■ LISTED ENTRIES
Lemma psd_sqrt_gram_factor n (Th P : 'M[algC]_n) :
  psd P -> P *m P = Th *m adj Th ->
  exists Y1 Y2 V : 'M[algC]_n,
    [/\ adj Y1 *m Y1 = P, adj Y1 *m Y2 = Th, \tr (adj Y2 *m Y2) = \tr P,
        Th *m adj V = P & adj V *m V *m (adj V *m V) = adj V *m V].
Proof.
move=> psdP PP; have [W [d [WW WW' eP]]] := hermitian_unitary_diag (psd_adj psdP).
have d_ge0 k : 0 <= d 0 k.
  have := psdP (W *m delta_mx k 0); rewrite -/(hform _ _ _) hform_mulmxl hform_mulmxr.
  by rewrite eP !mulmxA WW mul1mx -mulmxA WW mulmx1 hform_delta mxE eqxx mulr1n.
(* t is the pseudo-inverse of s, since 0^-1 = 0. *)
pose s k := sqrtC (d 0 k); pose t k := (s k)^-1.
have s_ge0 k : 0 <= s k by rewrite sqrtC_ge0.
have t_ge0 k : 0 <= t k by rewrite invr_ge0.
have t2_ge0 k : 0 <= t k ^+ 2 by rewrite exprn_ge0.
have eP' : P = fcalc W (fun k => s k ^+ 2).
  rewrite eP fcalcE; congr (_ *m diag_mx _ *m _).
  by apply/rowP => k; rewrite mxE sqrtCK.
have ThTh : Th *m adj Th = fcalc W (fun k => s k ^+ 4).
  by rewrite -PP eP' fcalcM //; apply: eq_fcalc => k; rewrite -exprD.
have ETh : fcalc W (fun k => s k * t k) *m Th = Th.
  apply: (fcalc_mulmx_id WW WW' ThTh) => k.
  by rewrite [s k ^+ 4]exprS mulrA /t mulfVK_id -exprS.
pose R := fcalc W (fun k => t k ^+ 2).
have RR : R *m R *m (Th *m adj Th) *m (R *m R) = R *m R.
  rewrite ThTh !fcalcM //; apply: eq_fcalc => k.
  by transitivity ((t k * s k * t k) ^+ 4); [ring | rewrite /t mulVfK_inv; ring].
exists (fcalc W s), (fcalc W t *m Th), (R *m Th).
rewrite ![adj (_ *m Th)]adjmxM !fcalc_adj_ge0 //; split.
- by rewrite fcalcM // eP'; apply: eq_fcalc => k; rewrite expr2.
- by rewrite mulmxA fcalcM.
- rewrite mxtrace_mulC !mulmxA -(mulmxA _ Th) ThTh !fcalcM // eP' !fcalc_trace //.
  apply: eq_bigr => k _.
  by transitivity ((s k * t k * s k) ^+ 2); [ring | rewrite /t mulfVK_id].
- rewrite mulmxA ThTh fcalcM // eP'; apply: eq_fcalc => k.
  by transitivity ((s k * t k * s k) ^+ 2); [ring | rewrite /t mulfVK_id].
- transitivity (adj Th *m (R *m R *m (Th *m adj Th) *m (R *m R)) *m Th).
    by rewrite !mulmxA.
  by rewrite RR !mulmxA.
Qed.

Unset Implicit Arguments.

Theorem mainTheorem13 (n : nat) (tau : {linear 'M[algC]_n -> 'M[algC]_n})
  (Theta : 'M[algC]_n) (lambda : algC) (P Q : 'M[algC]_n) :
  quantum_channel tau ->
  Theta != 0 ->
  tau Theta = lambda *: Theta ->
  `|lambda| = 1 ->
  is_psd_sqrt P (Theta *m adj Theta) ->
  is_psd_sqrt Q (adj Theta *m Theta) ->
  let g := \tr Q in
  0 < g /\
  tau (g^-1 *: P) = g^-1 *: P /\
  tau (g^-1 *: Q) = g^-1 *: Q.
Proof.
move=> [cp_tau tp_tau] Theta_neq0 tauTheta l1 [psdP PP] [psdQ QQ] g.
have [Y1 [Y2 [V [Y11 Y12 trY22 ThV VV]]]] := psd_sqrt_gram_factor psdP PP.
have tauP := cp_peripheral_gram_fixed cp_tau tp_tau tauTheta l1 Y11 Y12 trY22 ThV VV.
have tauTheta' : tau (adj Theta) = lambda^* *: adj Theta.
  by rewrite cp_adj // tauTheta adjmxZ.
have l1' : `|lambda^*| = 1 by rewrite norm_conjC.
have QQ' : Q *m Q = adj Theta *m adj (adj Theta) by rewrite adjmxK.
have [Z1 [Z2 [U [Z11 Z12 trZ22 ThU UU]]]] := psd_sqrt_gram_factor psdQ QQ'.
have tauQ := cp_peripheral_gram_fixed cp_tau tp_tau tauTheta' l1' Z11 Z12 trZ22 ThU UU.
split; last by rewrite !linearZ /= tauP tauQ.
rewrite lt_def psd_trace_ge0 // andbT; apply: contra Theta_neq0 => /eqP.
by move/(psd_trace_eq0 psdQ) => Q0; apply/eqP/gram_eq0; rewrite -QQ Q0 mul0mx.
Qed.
...
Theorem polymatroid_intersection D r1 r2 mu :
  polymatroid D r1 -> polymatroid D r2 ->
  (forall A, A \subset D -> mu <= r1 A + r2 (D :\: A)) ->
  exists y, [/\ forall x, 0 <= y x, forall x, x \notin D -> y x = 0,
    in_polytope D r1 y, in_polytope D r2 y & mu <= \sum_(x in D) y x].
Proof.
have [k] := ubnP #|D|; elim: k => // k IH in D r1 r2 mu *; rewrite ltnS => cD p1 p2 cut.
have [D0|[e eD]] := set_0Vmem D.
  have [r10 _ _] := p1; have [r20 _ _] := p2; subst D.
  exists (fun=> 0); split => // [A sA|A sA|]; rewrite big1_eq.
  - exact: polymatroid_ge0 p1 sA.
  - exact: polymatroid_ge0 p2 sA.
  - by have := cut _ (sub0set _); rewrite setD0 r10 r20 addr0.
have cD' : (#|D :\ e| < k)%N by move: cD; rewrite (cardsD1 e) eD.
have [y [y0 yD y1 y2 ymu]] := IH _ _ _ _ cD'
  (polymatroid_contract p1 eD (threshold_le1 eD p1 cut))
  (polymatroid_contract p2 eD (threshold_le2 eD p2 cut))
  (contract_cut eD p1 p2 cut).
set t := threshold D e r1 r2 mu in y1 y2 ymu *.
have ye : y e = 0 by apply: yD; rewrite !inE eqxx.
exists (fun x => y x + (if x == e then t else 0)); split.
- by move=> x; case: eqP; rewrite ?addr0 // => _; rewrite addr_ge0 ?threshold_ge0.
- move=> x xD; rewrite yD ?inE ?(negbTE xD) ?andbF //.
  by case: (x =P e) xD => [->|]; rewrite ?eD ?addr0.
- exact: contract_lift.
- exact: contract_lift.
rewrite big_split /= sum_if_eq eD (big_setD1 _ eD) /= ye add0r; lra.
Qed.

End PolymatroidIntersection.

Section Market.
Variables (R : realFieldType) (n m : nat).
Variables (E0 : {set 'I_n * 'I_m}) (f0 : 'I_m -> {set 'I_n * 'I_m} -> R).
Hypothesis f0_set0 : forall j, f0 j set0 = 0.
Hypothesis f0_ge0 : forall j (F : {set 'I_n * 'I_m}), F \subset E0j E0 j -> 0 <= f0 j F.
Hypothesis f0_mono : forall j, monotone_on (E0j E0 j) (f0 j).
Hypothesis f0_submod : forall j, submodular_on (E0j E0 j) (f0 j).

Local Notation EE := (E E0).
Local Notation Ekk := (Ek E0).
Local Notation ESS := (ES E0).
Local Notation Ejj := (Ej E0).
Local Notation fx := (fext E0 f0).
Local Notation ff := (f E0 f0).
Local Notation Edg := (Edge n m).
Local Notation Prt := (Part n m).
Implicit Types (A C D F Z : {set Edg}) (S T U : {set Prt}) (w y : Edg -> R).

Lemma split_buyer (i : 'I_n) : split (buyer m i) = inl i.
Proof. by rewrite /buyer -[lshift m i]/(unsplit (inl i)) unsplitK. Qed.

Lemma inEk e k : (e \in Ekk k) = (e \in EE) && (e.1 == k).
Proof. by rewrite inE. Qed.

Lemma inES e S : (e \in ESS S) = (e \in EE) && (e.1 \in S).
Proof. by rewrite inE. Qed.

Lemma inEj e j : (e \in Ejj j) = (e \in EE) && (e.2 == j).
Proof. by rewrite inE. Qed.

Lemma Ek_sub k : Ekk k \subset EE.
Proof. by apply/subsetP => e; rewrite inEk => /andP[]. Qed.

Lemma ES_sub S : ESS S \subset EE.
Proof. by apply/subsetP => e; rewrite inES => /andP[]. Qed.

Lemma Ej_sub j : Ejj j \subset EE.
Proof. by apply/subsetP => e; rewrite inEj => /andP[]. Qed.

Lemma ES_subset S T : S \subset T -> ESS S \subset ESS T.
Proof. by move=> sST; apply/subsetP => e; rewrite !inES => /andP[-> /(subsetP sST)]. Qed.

■ THE TASK
Nothing but the lines above from the one containing "Variables (R : realFieldType) (n m : nat)." through the one containing "Hypothesis f0_ge0 : forall" should appear in the answer, each repeated exactly.

■ RESULT BELOW
Variables (R : realFieldType) (n m : nat).
Variables (E0 : {set 'I_n * 'I_m}) (f0 : 'I_m -> {set 'I_n * 'I_m} -> R).
Hypothesis f0_set0 : forall j, f0 j set0 = 0.
Hypothesis f0_ge0 : forall j (F : {set 'I_n * 'I_m}), F \subset E0j E0 j -> 0 <= f0 j F.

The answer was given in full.